Below are several records. Retype exactly those lines running from the one with "have descent t : ~~ stable t ->" through the one with "have [T le_T_m0", end lines included, and no others.

[Stored data entries]
********

(* For any linear graph-based classifier $h$ and any $n$ users with features in $\mathbb{R}^\ell$ and nonnegative embedding weights, the myopic best-response dynamics described below converge (i.e., reach a round after which no user's features change), and they do so after at most $n$ rounds.
   Context: Embeddings: $\phi(x_i;x_{-i})=\widetilde{w}_{ii}x_i+\sum_{j\neq i}\widetilde{w}_{ji}x_j$ with $\widetilde{w}_{ji}\ge0$. Classifier: $h_{\theta,b}(x_i;x_{-i})=\mathrm{sign}(\theta^\top\phi(x_i;x_{-i})+b)\in\{\pm1\}$, $\mathrm{sign}(0)=+1$. Cost: $c(x,x')=\|x-x'\|_2$. Dynamics: $x_i^{(0)}=x_i$; at each round all users update concurrently by $x_i^{(t+1)}=\arg\max_{x'} h(x';x_{-i}^{(t)})-c(x_i^{(t)},x')-\kappa_i^{(t)}$ with accumulated costs $\kappa_i^{(t)}$; concretely, user $i$ changes her features in a round only if she is currently classified $-1$ and some $x'$ with $h(x';x^{(t)}_{-i})=+1$ has $c(x_i^{(t)},x')\le2$, in which case she moves to the minimum-cost such point (embedding exactly on the boundary $\theta^\top\phi+b=0$); otherwise she stays. *)

From HB Require Import structures.
From mathcomp Require Import all_boot all_order all_algebra.
From mathcomp Require Import all_classical all_reals.
Set Implicit Arguments. Unset Strict Implicit. Unset Printing Implicit Defensive.
Import Order.TTheory GRing.Theory Num.Theory.
Local Open Scope ring_scope.

(* Users are indexed by 'I_n, features are row vectors 'rV[R]_l.
   W j i is the embedding weight \tilde w_{ji} (W i i = \tilde w_{ii}). *)

Definition dotv (R : realType) (l : nat) (u v : 'rV[R]_l) : R :=
  \sum_(k < l) u 0 k * v 0 k.

Definition eucl (R : realType) (l : nat) (v : 'rV[R]_l) : R :=
  Num.sqrt (\sum_(k < l) v 0 k ^+ 2).

Definition cost (R : realType) (l : nat) (x x' : 'rV[R]_l) : R := eucl (x - x').

Definition sgn (R : realType) (r : R) : int := if 0 <= r then 1%R else (-1)%R.

Definition embed (R : realType) (n l : nat) (W : 'M[R]_n) (x : 'I_n -> 'rV[R]_l)
  (i : 'I_n) (x' : 'rV[R]_l) : 'rV[R]_l :=
  W i i *: x' + \sum_(j < n | j != i) W j i *: x j.

Definition hcls (R : realType) (n l : nat) (theta : 'rV[R]_l) (b : R) (W : 'M[R]_n)
  (x : 'I_n -> 'rV[R]_l) (i : 'I_n) (x' : 'rV[R]_l) : int :=
  sgn (dotv theta (embed W x i x') + b).

Definition moves (R : realType) (n l : nat) (theta : 'rV[R]_l) (b : R) (W : 'M[R]_n)
  (x : 'I_n -> 'rV[R]_l) (i : 'I_n) : Prop :=
  hcls theta b W x i (x i) = (-1)%R /\
  exists x', hcls theta b W x i x' = 1%R /\ cost (x i) x' <= 2.

(* One round of concurrent myopic best responses: x is the profile at round t,
   y the profile at round t+1. A mover goes to a minimum-cost point among
   those classified +1 (given the others' current features). *)
Definition br_step (R : realType) (n l : nat) (theta : 'rV[R]_l) (b : R) (W : 'M[R]_n)
  (x y : 'I_n -> 'rV[R]_l) : Prop :=
  forall i : 'I_n,
    (moves theta b W x i /\
       hcls theta b W x i (y i) = 1%R /\
       (forall x', hcls theta b W x i x' = 1%R -> cost (x i) (y i) <= cost (x i) x'))
    \/ (~ moves theta b W x i /\ y i = x i).

(* With nonnegative weights a best response can only raise a user's projection
   [theta . x_i], so every user's margin [theta . phi + b] is nondecreasing
   along the dynamics.  A user moves only from a negative margin to a
   nonnegative one, so the set of users classified -1 shrinks strictly in every
   round in which someone moves, while a round in which nobody moves is a fixed
   point. *)
From HB Require Import structures.
From mathcomp Require Import all_boot all_order all_algebra.
From mathcomp Require Import all_classical all_reals.
From mathcomp Require Import zify lra.
Set Implicit Arguments. Unset Strict Implicit. Unset Printing Implicit Defensive.
Import Order.TTheory GRing.Theory Num.Theory.

(* Stated before [ring_scope] is opened: there the [0] of [m 0] would be
   [GRing.zero], which [lia] does not recognise as the numeral. *)
Lemma stabilizes_by_descent (stable : pred nat) (m : nat -> nat) :
  (forall t, stable t -> stable t.+1) ->
  (forall t, ~~ stable t -> m t.+1 < m t) ->
  exists2 T, T <= m 0 & forall t, T <= t -> stable t.
Proof.
move=> stableS descent.
have stable_or_small t : stable t \/ m t + t <= m 0.
  elim: t => [|t [st | IH]]; first by right; rewrite addn0.
    by left; apply: stableS.
  case: (boolP (stable t)) => [/stableS st | /descent dec]; first by left.
  right; lia.
have stable_m0 : stable (m 0).
  case: (stable_or_small (m 0)) => // small.
  apply/negPn/negP => /descent; lia.
exists (m 0) => // t /subnKC <-.
by elim: (t - m 0) => [|k IH]; rewrite ?addn0 ?addnS ?stableS.
Qed.

Local Open Scope ring_scope.

Lemma sgn_eq1 (R : realType) (r : R) : sgn r = 1 <-> 0 <= r.
Proof. by rewrite /sgn; case: ifP. Qed.

Lemma sgn_eqN1 (R : realType) (r : R) : sgn r = -1 <-> r < 0.
Proof. by rewrite /sgn ltNge; case: ifP. Qed.

Section BestResponseDynamics.

Variables (R : realType) (n l : nat) (W : 'M[R]_n) (theta : 'rV[R]_l) (b : R).

Implicit Types (x y : 'I_n -> 'rV[R]_l) (u v : 'rV[R]_l).

Lemma dotvD u v : dotv theta (u + v) = dotv theta u + dotv theta v.
Proof. by rewrite /dotv -big_split; apply: eq_bigr => k _; rewrite mxE mulrDr. Qed.

Lemma dotv0 : dotv theta 0 = 0.
Proof. by rewrite /dotv big1 // => k _; rewrite mxE mulr0. Qed.

Lemma dotvZ a u : dotv theta (a *: u) = a * dotv theta u.
Proof. by rewrite /dotv mulr_sumr; apply: eq_bigr => k _; rewrite mxE mulrCA. Qed.

Definition margin x i u := dotv theta (embed W x i u) + b.

Lemma hclsE x i u : hcls theta b W x i u = sgn (margin x i u).
Proof. by []. Qed.

Lemma marginE x i u : margin x i u =
  W i i * dotv theta u + \sum_(j < n | j != i) W j i * dotv theta (x j) + b.
Proof.
rewrite /margin /embed dotvD dotvZ (big_morph _ dotvD dotv0).
by under eq_bigr do rewrite dotvZ.
Qed.

Definition rejected x := [set i | margin x i (x i) < 0].

Hypothesis W_ge0 : forall i j, 0 <= W i j.

Lemma margin_le x y i u v :
  dotv theta u <= dotv theta v ->
  (forall j, dotv theta (x j) <= dotv theta (y j)) ->
  margin x i u <= margin y i v.
Proof.
move=> le_uv le_xy; rewrite !marginE lerD2r lerD ?ler_wpM2l //.
by apply: ler_sum => j _; apply: ler_wpM2l.
Qed.

Lemma br_step_dotv_le x y j :
  br_step theta b W x y -> dotv theta (x j) <= dotv theta (y j).
Proof.
case/(_ j) => [[[rej _] [acc _]] | [_ ->]] //.
rewrite hclsE sgn_eqN1 marginE in rej; rewrite hclsE sgn_eq1 marginE in acc.
rewrite leNgt; apply/negP => /ltW /(ler_wpM2l (W_ge0 j j)); lra.
Qed.

Lemma br_step_mover x y i : br_step theta b W x y -> y i <> x i ->
  margin x i (x i) < 0 <= margin y i (y i).
Proof.
move=> step; case: (step i) => [[[rej _] [acc _]] | [_ //]] _.
rewrite hclsE sgn_eqN1 in rej; rewrite hclsE sgn_eq1 in acc.
rewrite rej (le_trans acc) // margin_le // => j.
exact: br_step_dotv_le.
Qed.

Lemma br_step_rejected_proper x y i : br_step theta b W x y -> y i <> x i ->
  rejected y \proper rejected x.
Proof.
move=> step moved; have /andP[rej acc] := br_step_mover step moved.
apply/properP; split; last by exists i; rewrite inE -?leNgt.
apply/fintype.subsetP => j; rewrite !inE; apply: le_lt_trans.
by apply: margin_le => [|k]; apply: br_step_dotv_le.
Qed.

End BestResponseDynamics.

Lemma br_step_fixpoint (R : realType) (n l : nat) (W : 'M[R]_n)
    (theta : 'rV[R]_l) (b : R) (x y : 'I_n -> 'rV[R]_l) :
  br_step theta b W x x -> br_step theta b W x y -> y = x.
Proof.
move=> still step; apply: funext => i.
case: (step i) => [[mv _] | [_ //]].
case: (still i) => [[_ [acc _]] | [/(_ mv) //]].
by case: mv; rewrite acc.
Qed.

Theorem corollary1 (R : realType) (n l : nat) (W : 'M[R]_n) (theta : 'rV[R]_l)
  (b : R) (X : nat -> 'I_n -> 'rV[R]_l) :
  (forall i j : 'I_n, 0 <= W i j) ->
  (forall t : nat, br_step theta b W (X t) (X t.+1)) ->
  exists T : nat, (T <= n)%N /\
    forall t : nat, (T <= t)%N -> forall i : 'I_n, X t.+1 i = X t i.
Proof.
move=> W_ge0 step.
pose stable t := [forall i, X t.+1 i == X t i].
have stableS t : stable t -> stable t.+1.
  move=> /forallP still; have E : X t.+1 = X t by apply/funext => i; apply/eqP.
  have X_SS : X t.+2 = X t.+1.
    by move: (step t) (step t.+1); rewrite E => /br_step_fixpoint fixed /fixed.
  by apply/forallP => i; rewrite X_SS.
have descent t : ~~ stable t ->
    (#|rejected W theta b (X t.+1)| < #|rejected W theta b (X t)|)%N.
  rewrite negb_forall => /existsP[i /eqP moved].
  exact/proper_card/(br_step_rejected_proper W_ge0 (step t) moved).
have [T le_T_m0 stable_from] := stabilizes_by_descent stableS descent.
exists T; split; first by rewrite (leq_trans le_T_m0) // -[leqRHS]card_ord max_card.
by move=> t /stable_from /forallP still i; apply/eqP.
Qed.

********

Answer space:
have descent t : ~~ stable t ->
    (#|rejected W theta b (X t.+1)| < #|rejected W theta b (X t)|)%N.
  rewrite negb_forall => /existsP[i /eqP moved].
  exact/proper_card/(br_step_rejected_proper W_ge0 (step t) moved).
have [T le_T_m0 stable_from] := stabilizes_by_descent stableS descent.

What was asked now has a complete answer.